As frenetic as a burlesque enfolded in velvet, satin, and fishnet stockings, the world whirls around me, pulling at me with its intoxicating gravity. Entering the dance would mean leaving my vantage as anthropologist and going native.
I would be unique among the uniques.
Then I would belong.
I would be.
I would.
 
A tidal wash of roaring need sweeps selfhood downriver.
Succumb the watersprites urge,
their voices like the rushing thrust of water
as it races madly over the falls, succumb.
Do you?
Don't you?
Do you?
Don't you?
Do you?
Don't you?
Is all life always and forever like picking petals from a daisy to foretell one's future?
 
Succumb, submit
Give it all
Or a little bit

Like the pain in the river
and the soft light scatters

Washes me down
washes me away
Flush it all away
AWAY
 
Joyful laughter as hot streaming rivers of water race madly down my body.
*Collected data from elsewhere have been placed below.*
(* Eliminate an unknown that has a nonzero coefficient in the last equation, and recurse. *)
Lemma homogeneous_system_nontrivial r : forall p (a : nat -> nat -> Cx), (r < p)%nat ->
  exists alpha : nat -> Cx, (exists i, (i < p)%nat /\ alpha i <> C0) /\
    forall m, (m < r)%nat -> Csum p (fun i => Cmul (alpha i) (a m i)) = C0.
Proof. induction r; intros.
  - exists (fun _ => C1). split. exists O; split; [lia|]. unfold C1, C0; intro E; injection E; intros; lra. intros; lia.
  - destruct (classic (exists i0, (i0 < p)%nat /\ a r i0 <> C0)) as [[i0 [Hi0 Hnz]]|Hno].
    + destruct (Cmul_inv_exists _ Hnz) as [w Hw].
      set (b := fun m i => Cadd (a m (skip_index i0 i)) (Copp (Cmul (a m i0) (Cmul (a r (skip_index i0 i)) w)))).
      destruct (IHr (p - 1)%nat b) as [beta [[i [Hi Hb]] Hsol]]; [lia|].
      set (gam := Copp (Cmul (Csum (p - 1) (fun i => Cmul (beta i) (a r (skip_index i0 i)))) w)).
      set (alpha := fun j => if Nat.eqb j i0 then gam else if Nat.ltb j i0 then beta j else beta (j - 1)%nat).
      assert (Ha : forall i, alpha (skip_index i0 i) = beta i).
      { intros k. unfold alpha, skip_index. destruct (Nat.ltb_spec k i0).
        destruct (Nat.eqb_spec k i0); try lia. destruct (Nat.ltb_spec k i0); try lia; auto.
        destruct (Nat.eqb_spec (S k) i0); try lia. destruct (Nat.ltb_spec (S k) i0); try lia. f_equal; lia. }
      exists alpha. split.
      { exists (skip_index i0 i). split. unfold skip_index; destruct (Nat.ltb_spec i i0); lia. rewrite Ha; auto. }
      intros m Hm. rewrite (Csum_skip_index p i0) by auto.
      rewrite (Csum_ext (p-1) _ (fun i => Cmul (beta i) (a m (skip_index i0 i)))) by (intros; rewrite Ha; auto).
      assert (Hg : alpha i0 = gam) by (unfold alpha; rewrite Nat.eqb_refl; auto). rewrite Hg.
      destruct (Nat.eq_dec m r).
      * subst. unfold gam. set (S0 := Csum (p - 1) (fun i => Cmul (beta i) (a r (skip_index i0 i)))).
        replace (Cmul (Copp (Cmul S0 w)) (a r i0)) with (Copp (Cmul S0 (Cmul (a r i0) w))) by cx_ring.
        rewrite Hw. cx_ring.
      * assert (Hm' : (m < r)%nat) by lia. pose proof (Hsol m Hm') as Hs. unfold b in Hs.
        rewrite (Csum_ext (p-1) _ (fun i => Cadd (Cmul (beta i) (Cadd (a m (skip_index i0 i)) (Copp (Cmul (a m i0) (Cmul (a r (skip_index i0 i)) w)))))
                 (Cmul (Cmul (a m i0) w) (Cmul (beta i) (a r (skip_index i0 i)))))) by (intros; cx_ring).
        rewrite Csum_add, Hs, Csum_mul_l. unfold gam. cx_ring.
    + destruct (IHr p a) as [alpha [Hnt Hsol]]; [lia|]. exists alpha. split; auto.
      intros. destruct (Nat.eq_dec m r). subst. apply Csum_zero'. intros.
      destruct (classic (a r i = C0)). rewrite H2; apply Cmul_0_r. exfalso; apply Hno; eauto.
      apply Hsol; lia. Qed.
(* Fix $\mu>0$. Then \[ \sum_{\substack{a\ge b,\ c\ge d\\ ad-bc=1}}\frac{1}{(a^2+\mu^2b^2)(c^2+\mu^2d^2)\big((a+c)^2+\mu^2(b+d)^2\big)}=\frac{1}{4\mu^2}\left(\frac{2\arctan\mu}{\mu}-\frac{2}{1+\mu^2}\right), \] where the sum is over all nonnegative integers $a,b,c,d$ with $a\ge b$, $c\ge d$ and $ad-bc=1$. *)

From mathcomp Require Import all_boot all_order all_algebra.
From mathcomp Require Import all_classical all_reals all_analysis.
Set Implicit Arguments. Unset Strict Implicit. Unset Printing Implicit Defensive.
Import Order.TTheory GRing.Theory Num.Theory.
Local Open Scope ring_scope.
Local Open Scope classical_set_scope.

(* Index set: quadruples (a,b,c,d) of nonnegative integers with a >= b,
   c >= d and a*d - b*c = 1 (stated without truncated subtraction). *)
Definition index_set : set (nat * nat * nat * nat) :=
  [set q | let: (a, b, c, d) := q in
           (b <= a)%N /\ (d <= c)%N /\ (a * d = b * c + 1)%N].

Definition summand (R : realType) (mu : R) (q : nat * nat * nat * nat) : R :=
  let: (a, b, c, d) := q in
  1 / ((a%:R ^+ 2 + mu ^+ 2 * b%:R ^+ 2)
       * (c%:R ^+ 2 + mu ^+ 2 * d%:R ^+ 2)
       * ((a + c)%:R ^+ 2 + mu ^+ 2 * (b + d)%:R ^+ 2)).

(* The quadruples of [index_set] are the nodes of a Stern-Brocot-type tree:
   the root is (1,0,1,1) and the children of (a,b,c,d) are the mediant
   quadruples (a,b,a+c,b+d) and (a+c,b+d,c,d); every quadruple occurs exactly
   once.  Put x = mu b/a, y = mu d/c and
     P = D(x,y) / (2 mu^3),  D(x,y) = atan y - atan x - (y-x)(1+xy)/((1+x^2)(1+y^2)).
   The summand at a node is P(node) - P(left child) - P(right child): the
   children split [x,y] at the mediant slope, so the arctangents cancel and the
   rest is a rational identity.  Hence the sum over the first n levels is
   P(root) minus the sum of P over level n.  At level n the gaps y - x are
   mu/(ac) <= mu/(n+1) and add up to mu, while D(x,y) <= 2(y-x)^3 by the mean
   value theorem, so that level sum is at most 1/(n+1)^2.  The series is
   therefore P(root) = (atan mu/mu - 1/(1+mu^2)) / (2 mu^2). *)

From mathcomp Require Import all_boot all_order all_algebra.
From mathcomp Require Import all_classical all_reals all_analysis.
From mathcomp Require Import ring zify.
Set Implicit Arguments.
Unset Strict Implicit.
Unset Printing Implicit Defensive.
Import Order.TTheory GRing.Theory Num.Theory.
Import numFieldNormedType.Exports.
Local Open Scope classical_set_scope.

Definition quad := (nat * nat * nat * nat)%type.

Definition lmed (q : quad) : quad :=
  let: (a, b, c, d) := q in (a, b, a + c, b + d)%N.
Definition rmed (q : quad) : quad :=
  let: (a, b, c, d) := q in (a + c, b + d, c, d)%N.
Definition sb_root : quad := (1, 0, 1, 1)%N.

Fixpoint sb_level (n : nat) : seq quad :=
  if n is n'.+1 then map lmed (sb_level n') ++ map rmed (sb_level n')
  else [:: sb_root].

Lemma index_set_pos {a b c d : nat} :
  index_set (a, b, c, d) -> (0 < a)%N /\ (0 < c)%N.
Proof. by move=> [? [? ?]]; nia. Qed.

Lemma index_set_lmed q : index_set q -> index_set (lmed q).
Proof. by case: q => [[[a b] c] d] [? [? ?]] /=; nia. Qed.

Lemma index_set_rmed q : index_set q -> index_set (rmed q).
Proof. by case: q => [[[a b] c] d] [? [? ?]] /=; nia. Qed.

Lemma lmed_inj : injective lmed.
Proof. by move=> [[[a b] c] d] [[[a' b'] c'] d'] [? ? ? ?]; congr (_, _, _, _); lia. Qed.

Lemma rmed_inj : injective rmed.
Proof. by move=> [[[a b] c] d] [[[a' b'] c'] d'] [? ? ? ?]; congr (_, _, _, _); lia. Qed.

Lemma sb_level_index_set n q : q \in sb_level n -> index_set q.
Proof.
elim: n q => [|n IH] q /=; first by rewrite inE => /eqP ->.
rewrite mem_cat => /orP[] /mapP[p /IH hp ->].
- exact: index_set_lmed.
- exact: index_set_rmed.
Qed.

Definition denom_prod (q : quad) : nat := let: (a, b, c, d) := q in a * c.

Lemma sb_level_denom_prod n q : q \in sb_level n -> (n < denom_prod q)%N.
Proof.
elim: n q => [|n IH] q /=; first by rewrite inE => /eqP ->.
rewrite mem_cat => /orP[] /mapP[p hp ->]; have := IH _ hp;
  by case: p hp => [[[a b] c] d] /sb_level_index_set /index_set_pos [? ?] /=; nia.
Qed.

Lemma lmed_neq_rmed p q : index_set p -> index_set q -> lmed p != rmed q.
Proof.
case: p q => [[[a b] c] d] [[[a' b'] c'] d'] /index_set_pos [? ?] /index_set_pos [? ?].
by apply/eqP => -[? _ ? _]; lia.
Qed.

Lemma sb_root_notin_levelS n : sb_root \notin sb_level n.+1.
Proof.
rewrite mem_cat negb_or; apply/andP; split; apply/mapP;
  by move=> -[[[[a b] c] d] /sb_level_index_set /index_set_pos [? ?] []]; lia.
Qed.

Lemma sb_level_uniq n : uniq (sb_level n).
Proof.
elim: n => [|n IH] //=.
rewrite cat_uniq !map_inj_uniq ?IH //=; [|exact: rmed_inj|exact: lmed_inj].
rewrite andbT; apply/hasPn => _ /mapP[q hq ->]; apply/mapP => -[p hp /esym/eqP].
by apply/negP; apply: lmed_neq_rmed; [exact: sb_level_index_set hp | exact: sb_level_index_set hq].
Qed.

Lemma sb_level_disjoint i j q : q \in sb_level i -> q \in sb_level j -> i = j.
Proof.
elim: i j q => [|i IH] [|j] q //.
- by rewrite inE => /eqP ->; rewrite (negPf (sb_root_notin_levelS j)).
- by move=> + /[1!inE] /eqP qE; rewrite qE (negPf (sb_root_notin_levelS i)).
rewrite /= !mem_cat => /orP[] /mapP[p hp ->] /orP[] /mapP[p' hp' e].
- by move/lmed_inj: e hp' => <- /(IH _ _ hp) ->.
- by move: (lmed_neq_rmed (sb_level_index_set hp) (sb_level_index_set hp')); rewrite e eqxx.
- by move: (lmed_neq_rmed (sb_level_index_set hp') (sb_level_index_set hp)); rewrite e eqxx.
- by move/rmed_inj: e hp' => <- /(IH _ _ hp) ->.
Qed.

Lemma index_set_parent q : index_set q ->
  q = sb_root \/ exists2 p, index_set p & q = lmed p \/ q = rmed p.
Proof.
case: q => [[[a b] c] d] [ba [dc e]].
have [ac|ca|ac] := ltngtP a c.
- have bd : (b < d)%N by nia.
  have dac : (d + a <= c + b)%N.
    have [a1|a2] : a = 1 \/ (2 <= a)%N by nia.
      by subst a; nia.
    by nia.
  right; exists (a, b, c - a, d - b)%N; last by left; congr (_, _, _, _); lia.
  by split=> //; split; [lia | rewrite !mulnBr; nia].
- have db : (d <= b)%N by nia.
  have bdac : (b - d <= a - c)%N by nia.
  right; exists (a - c, b - d, c, d)%N; last by right; congr (_, _, _, _); lia.
  by split=> //; split=> //; rewrite !mulnBl; nia.
- subst c; have bd : (b < d)%N by nia.
  have a1 : a = 1 by nia.
  by subst a; left; congr (_, _, _, _); lia.
Qed.

Lemma index_set_sb_level q : index_set q -> exists n, q \in sb_level n.
Proof.
pose denom_sum (q : quad) := let: (a, b, c, d) := q in (a + c)%N.
have [m] := ubnP (denom_sum q); elim: m q => // m IH q hm hq.
have [->|[p hp child]] := index_set_parent hq; first by exists 0%N; rewrite inE.
have [n hn] : exists n, p \in sb_level n.
  apply: IH (hp); move: hm.
  by case: child => ->; case: p hp {hq} => [[[a b] c] d] /index_set_pos [? ?] /=; lia.
by exists n.+1; rewrite /= mem_cat; case: child => ->; rewrite map_f ?orbT.
Qed.

Local Open Scope ring_scope.

Lemma big_sb_levelS (V : nmodType) (h : quad -> V) n :
  \sum_(q <- sb_level n.+1) h q = \sum_(q <- sb_level n) (h (lmed q) + h (rmed q)).
Proof. by rewrite /= big_cat !big_map big_split. Qed.

Section EsumSeq.
Variables (R : realType) (T : choiceType).

Lemma esum_seq (s : seq T) (f : T -> R) : uniq s ->
  (forall x, 0 <= f x) -> \esum_(x in [set` s]) (f x)%:E = (\sum_(x <- s) f x)%:E.
Proof.
move=> s_uniq f_ge0; rewrite esum_fset ?finite_seq // -?fsbig_seq ?sumEFin //.
by move=> x _; rewrite lee_fin.
Qed.

Lemma esum_bigcup_seq (s : nat -> seq T) (f : T -> R) :
  (forall n, uniq (s n)) -> (forall i j x, x \in s i -> x \in s j -> i = j) ->
  (forall x, 0 <= f x) ->
  \esum_(x in \bigcup_n [set` s n]) (f x)%:E
  = (\sum_(0 <= n <oo) (\sum_(x <- s n) f x)%:E)%E.
Proof.
move=> s_uniq s_disj f_ge0.
rewrite esum_bigcupT; last 2 first.
- by move=> i j _ _ [x [/= xi xj]]; exact: s_disj xi xj.
- by move=> x; rewrite lee_fin.
rewrite nneseries_esumT; last by move=> n; rewrite lee_fin big_seq sumr_ge0.
by apply: eq_esum => n _; rewrite esum_seq.
Qed.

End EsumSeq.

Lemma eseries_telescope (R : realType) (u e : nat -> R) (c : R) :
  (forall n, \sum_(0 <= k < n) u k = c - e n) -> e @ \oo --> 0 ->
  (\sum_(0 <= k <oo) (u k)%:E)%E = c%:E.
Proof.
move=> partial_sum e_cvg0.
have cvg_c : (fun n => c - e n) @ \oo --> c.
  by rewrite -[X in _ --> X]subr0; apply: cvgB => //; exact: cvg_cst.
have -> : (fun n => \sum_(0 <= k < n) (u k)%:E) = EFin \o (fun n => c - e n).
  by apply/funext => n /=; rewrite sumEFin partial_sum.
by rewrite EFin_lim ?(cvg_lim _ cvg_c) //; apply/cvg_ex; exists c.
Qed.

Section AtanDefect.
Variable R : realType.

Definition atan_defect (x y : R) : R :=
  atan y - atan x - (y - x) * (1 + x * y) / ((1 + x ^+ 2) * (1 + y ^+ 2)).

Lemma oneDsqr_gt0 (t : R) : 0 < 1 + t ^+ 2.
Proof. by rewrite ltr_pwDl // sqr_ge0. Qed.

Lemma is_derive_atan_defect (x t : R) : is_derive t 1 (atan_defect x)
  (2 * (t - x) ^+ 2 / ((1 + x ^+ 2) * (1 + t ^+ 2) ^+ 2)).
Proof.
have t0 := lt0r_neq0 (oneDsqr_gt0 t); have x0 := lt0r_neq0 (oneDsqr_gt0 x).
(* Products of inverses, so that the [is_derive] instances apply. *)
have -> : atan_defect x = fun y =>
    atan y - atan x - (y - x) * (1 + x * y) * (1 + y ^+ 2)^-1 * (1 + x ^+ 2)^-1.
  by apply/funext => y; rewrite /atan_defect invfM; ring.
apply: is_derive_eq.
rewrite /GRing.scale /=; field.
by rewrite x0 t0.
Qed.

Lemma atan_defect_bounds (x y : R) : x <= y ->
  0 <= atan_defect x y <= 2 * (y - x) ^+ 3.
Proof.
move=> xy; have der t : derivable (atan_defect x) t 1.
  by case: (is_derive_atan_defect x t).
have [c /itvP cxy eq_mvt] := MVT_segment xy (fun t _ => is_derive_atan_defect x t)
  (derivable_within_continuous (fun t _ => der t)).
have -> : atan_defect x y = atan_defect x y - atan_defect x x.
  by rewrite [X in _ - X]/atan_defect !subrr !mul0r !subr0.
rewrite {}eq_mvt.
have denom_ge1 : 1 <= (1 + x ^+ 2) * (1 + c ^+ 2) ^+ 2.
  have onePsqr_ge1 (t : R) : 1 <= 1 + t ^+ 2 by rewrite lerDl sqr_ge0.
  by rewrite -[leLHS]mul1r ler_pM ?expr_ge1 // (le_trans ler01).
have yx_ge0 : 0 <= y - x by rewrite subr_ge0.
have cx_ge0 : 0 <= c - x by rewrite subr_ge0 cxy.
have denom_gt0 := lt_le_trans ltr01 denom_ge1.
apply/andP; split.
  by rewrite mulr_ge0 // divr_ge0 ?(ltW denom_gt0) // mulr_ge0 // sqr_ge0.
rewrite [_ ^+ 3]exprSr mulrA ler_wpM2r // ler_pdivrMr //.
apply: (@le_trans _ _ (2 * (y - x) ^+ 2)).
  by rewrite ler_pM2l // lerXn2r ?nnegrE // lerD2r cxy.
by rewrite ler_peMr // mulr_ge0 // sqr_ge0.
Qed.
End AtanDefect.

Section Mediants.
Variables (R : realType) (mu : R).
Hypothesis mu_gt0 : 0 < mu.

Definition lslope (q : quad) : R := let: (a, b, c, d) := q in mu * b%:R / a%:R.
Definition rslope (q : quad) : R := let: (a, b, c, d) := q in mu * d%:R / c%:R.
Definition slope_gap (q : quad) : R := rslope q - lslope q.

Definition potential (q : quad) : R :=
  atan_defect (lslope q) (rslope q) / (2 * mu ^+ 3).

Lemma index_set_dE (a b c d : nat) : index_set (a, b, c, d) ->
  (d%:R : R) = (b%:R * c%:R + 1) / a%:R.
Proof.
move=> hq; have [a_gt0 _] := index_set_pos hq; case: hq => [_ [_ e]].
by rewrite -natrM natr1 -addn1 -e natrM mulrC mulKf // pnatr_eq0 -lt0n.
Qed.

Lemma slope_gapE q : index_set q -> slope_gap q = mu / (denom_prod q)%:R.
Proof.
case: q => [[[a b] c] d] hq; have [a_gt0 c_gt0] := index_set_pos hq.
rewrite /slope_gap /= (index_set_dE hq) natrM; field.
by rewrite !pnatr_eq0 -!lt0n a_gt0 c_gt0.
Qed.

Lemma slope_gap_med q : slope_gap q = slope_gap (lmed q) + slope_gap (rmed q).
Proof. by case: q => [[[a b] c] d]; rewrite /slope_gap /=; ring. Qed.

Lemma sum_slope_gap_level n : \sum_(q <- sb_level n) slope_gap q = mu.
Proof.
elim: n => [|n IH]; first by rewrite big_seq1 /slope_gap /= mulr0 !divr1 mulr1 subr0.
by rewrite big_sb_levelS -[RHS]IH; apply: eq_bigr => q _; rewrite -slope_gap_med.
Qed.

Lemma summand_telescope q : index_set q ->
  summand mu q = potential q - potential (lmed q) - potential (rmed q).
Proof.
case: q => [[[a b] c] d] hq; have [a_gt0 c_gt0] := index_set_pos hq.
have sqr_sum_neq0 (x y : R) : x != 0 -> x ^+ 2 + y ^+ 2 != 0.
  move=> x0; rewrite lt0r_neq0 // ltr_pwDl ?sqr_ge0 //.
  by rewrite lt_neqAle sqr_ge0 andbT eq_sym sqrf_eq0.
have a0 : (a%:R : R) != 0 by rewrite pnatr_eq0 -lt0n.
have c0 : (c%:R : R) != 0 by rewrite pnatr_eq0 -lt0n.
have ac0 : (a%:R + c%:R : R) != 0 by rewrite -natrD pnatr_eq0 addn_eq0 negb_and -lt0n a_gt0.
rewrite /potential /atan_defect /summand /= (index_set_dE hq) !natrD (index_set_dE hq).
field.
by rewrite (lt0r_neq0 mu_gt0) a0 c0 ac0 !sqr_sum_neq0 // ?mulf_neq0.
Qed.

Lemma potential_level_bounds n q : q \in sb_level n ->
  0 <= potential q <= slope_gap q / (mu * n.+1%:R ^+ 2).
Proof.
move=> hq; have gapE := slope_gapE (sb_level_index_set hq).
have ac_gt_n := sb_level_denom_prod hq.
have ac_gt0 : (0 < denom_prod q)%N := leq_ltn_trans (leq0n n) ac_gt_n.
have gap_ge0 : 0 <= slope_gap q by rewrite gapE divr_ge0 ?ler0n ?(ltW mu_gt0).
have gap_le : slope_gap q <= mu / n.+1%:R.
  by rewrite gapE ler_pM2l // lef_pV2 ?posrE ?ltr0n // ler_nat.
have /andP[defect_ge0 defect_le] : 0 <= atan_defect (lslope q) (rslope q) <= 2 * slope_gap q ^+ 3.
  by apply: atan_defect_bounds; rewrite -subr_ge0.
have mu3_gt0 : 0 < 2 * mu ^+ 3 by rewrite mulr_gt0 // exprn_gt0.
rewrite /potential divr_ge0 ?(ltW mu3_gt0) //= ler_pdivrMr //.
apply: (le_trans defect_le).
have -> : slope_gap q / (mu * n.+1%:R ^+ 2) * (2 * mu ^+ 3)
    = 2 * (slope_gap q * (mu / n.+1%:R) ^+ 2).
  by field; rewrite nat1r pnatr_eq0 (lt0r_neq0 mu_gt0).
rewrite ler_pM2l // exprS ler_wpM2l // lerXn2r ?nnegrE //.
by rewrite divr_ge0 ?ler0n ?(ltW mu_gt0).
Qed.

Lemma sum_potential_level_bounds n :
  0 <= \sum_(q <- sb_level n) potential q <= n.+1%:R ^- 2.
Proof.
apply/andP; split.
  by rewrite big_seq sumr_ge0 // => q /potential_level_bounds /andP[].
apply: (@le_trans _ _ (\sum_(q <- sb_level n) slope_gap q / (mu * n.+1%:R ^+ 2))).
  by rewrite !big_seq ler_sum // => q /potential_level_bounds /andP[].
by rewrite -big_distrl /= sum_slope_gap_level invfM mulrA divff ?mul1r ?(lt0r_neq0 mu_gt0).
Qed.

Lemma cvg_sum_potential_level :
  (fun n => \sum_(q <- sb_level n) potential q) @ \oo --> 0.
Proof.
apply: (squeeze_cvgr _ (cvg_cst 0) cvg_harmonic); apply: nearW => n.
have /andP[-> /le_trans ->] // := sum_potential_level_bounds n.
by rewrite expr2 invfM ler_piMr // invf_le1 ?ler1n ?ltr0n.
Qed.

Lemma sum_summand_levels n :
  \sum_(0 <= k < n) \sum_(q <- sb_level k) summand mu q
  = potential sb_root - \sum_(q <- sb_level n) potential q.
Proof.
elim: n => [|n IH]; first by rewrite big_geq // big_seq1 subrr.
have telescope : \sum_(q <- sb_level n) summand mu q
    = \sum_(q <- sb_level n) (potential q - (potential (lmed q) + potential (rmed q))).
  rewrite !big_seq; apply: eq_bigr => q /sb_level_index_set/summand_telescope ->.
  by rewrite opprD addrA.
by rewrite big_nat_recr //= IH big_sb_levelS telescope sumrB addrA subrK.
Qed.

Lemma potential_sb_root :
  potential sb_root = 1 / (4 * mu ^+ 2) * (2 * atan mu / mu - 2 / (1 + mu ^+ 2)).
Proof.
rewrite /potential /atan_defect /= mulr0 mul0r mulr1 divr1 atan0.
by field; rewrite (lt0r_neq0 (oneDsqr_gt0 _)) (lt0r_neq0 mu_gt0).
Qed.

End Mediants.

Lemma summand_ge0 (R : realType) (mu : R) q : 0 <= summand mu q.
Proof.
have norm_ge0 (x y : R) : 0 <= x ^+ 2 + mu ^+ 2 * y ^+ 2.
  by rewrite addr_ge0 ?sqr_ge0 // mulr_ge0 ?sqr_ge0.
by case: q => [[[a b] c] d]; rewrite /summand divr_ge0 ?mulr_ge0.
Qed.

Lemma index_setE : index_set = \bigcup_n [set` sb_level n].
Proof.
apply/seteqP; split=> q; last by case=> n _; exact: sb_level_index_set.
by move=> /index_set_sb_level [n hn]; exists n.
Qed.

Theorem theorem9 (R : realType) (mu : R) (hmu : 0 < mu) :
  \esum_(q in index_set) (summand mu q)%:E
  = ((1 / (4 * mu ^+ 2)) * (2 * atan mu / mu - 2 / (1 + mu ^+ 2)))%:E.
Proof.
rewrite index_setE esum_bigcup_seq; last 3 first.
- exact: sb_level_uniq.
- exact: sb_level_disjoint.
- exact: summand_ge0.
rewrite (eseries_telescope (sum_summand_levels hmu) (cvg_sum_potential_level hmu)).
by rewrite potential_sb_root.
Qed.
Section SixPoints.
Variables (T : finType) (card_T : #|T| = 6).
Implicit Types A : {set T}.

Lemma cardsC6 A : #|~: A| = 6 - #|A|.
Proof. by rewrite -card_T -(cardsC A) addKn. Qed.

Lemma card_le6 A : #|A| <= 6.
Proof. by rewrite -card_T -cardsT subset_leq_card ?subsetT. Qed.

Lemma even_set_pair A : ~~ odd #|A| -> A != set0 -> A != setT ->
  exists a b, a != b /\ (A = [set a; b] \/ A = ~: [set a; b]).
Proof.
move=> evenA nA0 nAT.
have nCA0 : ~: A != set0 by apply: contraNneq nAT => CA0; rewrite -[A]setCK CA0 setC0.
have : (#|A| == 2) || (#|~: A| == 2).
  move: evenA nA0 nCA0 (card_le6 A); rewrite -!cards_eq0 cardsC6.
  by case: #|A| => [|[|[|[|[|[|[|k]]]]]]].
case/orP=> /cards2P [a [b [ab E]]]; exists a, b; split=> //; [left | right] => //.
by rewrite -E setCK.
Qed.

Lemma balanced_pair (a b : T) : a != b -> balanced [set a; b].
Proof. by move=> ab; rewrite /balanced cardsC6 cards2 ab. Qed.

Lemma odd_unbalanced_single A : odd #|A| -> ~~ balanced A ->
  exists c, A = [set c] \/ A = ~: [set c].
Proof.
move=> oddA; rewrite /balanced cardsC6 => unbA.
have : (#|A| == 1) || (#|~: A| == 1).
  move: oddA unbA (card_le6 A); rewrite cardsC6.
  by case: #|A| => [|[|[|[|[|[|[|k]]]]]]].
case/orP=> /cards1P [c E]; exists c; [left | right] => //.
by rewrite -E setCK.
Qed.

Lemma balanced_triple (a b c : T) : a != b -> c \notin [set a; b] ->
  balanced (symdiff [set a; b] [set c]).
Proof.
move=> ab cab.
have -> : symdiff [set a; b] [set c] = c |: [set a; b].
  apply/setP=> x; rewrite in_symdiff !inE.
  by have [->|_] := eqVneq x c; [move: cab; rewrite !inE => /negPf -> | rewrite addbF].
by rewrite /balanced cardsC6 cardsU1 cab cards2 ab.
Qed.
End SixPoints.

Local Open Scope ring_scope.

Section SameLine.
Variables (K : fieldType) (F : {poly K}).
Implicit Types L N : {poly K} -> Prop.

Lemma same_lineR L : same_line L L.
Proof. by []. Qed.

Lemma same_line_sym L N : same_line L N -> same_line N L.
Proof. by move=> LN v; rewrite LN. Qed.

Lemma intersect_same_line L1 L2 N1 N2 : same_line L1 N1 -> same_line L2 N2 ->
  intersect F L1 L2 -> intersect F N1 N2.
Proof. by move=> H1 H2 [v [nFv [/H1 ? /H2 ?]]]; exists v. Qed.
Lemma ex_minn_classic (P : nat -> Prop) :
  (exists n, P n) -> exists n, P n /\ forall m, m < n -> ~ P m.
Proof.
move=> [n Pn]; elim: n {-2}n (leqnn n) Pn => [|N IH] n hn Pn.
  by exists n; split => // m; move: hn; lia.
case: (classic (exists m, m < n /\ P m)) => [[m [hm Pm]]|H].
  by apply: (IH m) => //; lia.
by exists n; split => // m hm Pm; apply: H; exists m.
Qed.

Section Paths.
Variable Q : quiver.
Implicit Types (u : vert Q) (p q : seq (arr Q)).

Definition path_end u p := last u (map (@tgt Q) p).

Lemma valid_cons u a p :
  valid_path (u, a :: p) = (src a == u) && valid_path (tgt a, p).
Proof. by case: p => [|b p]; rewrite /valid_path //= [src b == _]eq_sym. Qed.

Lemma valid_cat u p q :
  valid_path (u, p ++ q) = valid_path (u, p) && valid_path (path_end u p, q).
Proof. by elim: p u => [|a p IH] u //=; rewrite !valid_cons IH andbA. Qed.

Lemma path_end_cat u p q : path_end u (p ++ q) = path_end (path_end u p) q.
Proof. by rewrite /path_end map_cat last_cat. Qed.

Lemma path_end_cons u a p : path_end u (a :: p) = path_end (tgt a) p.
Proof. by []. Qed.

Lemma valid_nth a0 u p i : valid_path (u, p) -> i.+1 < size p ->
  tgt (nth a0 p i) = src (nth a0 p i.+1).
Proof.
elim: p u i => // a p IH u i; rewrite valid_cons => /andP [_ hv].
case: i => [|i] /=; last by move=> hi; apply: (IH _ _ hv).
by case: p {IH} hv => // b p; rewrite valid_cons => /andP [/eqP ->].
Qed.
Drink it, splash it, revel in it's abundance as it steams up the bathroom mirror and scrubs my soul. Clean. Ah - how good it is to be clean, smooth and tender and sound in mind and body. So i think, anyway. Who's really the judge of such matters?
 
hot streaming water cascading down
cleansing
caressing
streaming down the contours of the body
seeking a path to nowhere

Each bubble of
memories fills up and then drains
after it has soaked into action.
Leaving me
pruned, , without
a recollection of purpose

Who's really the judge of such matters?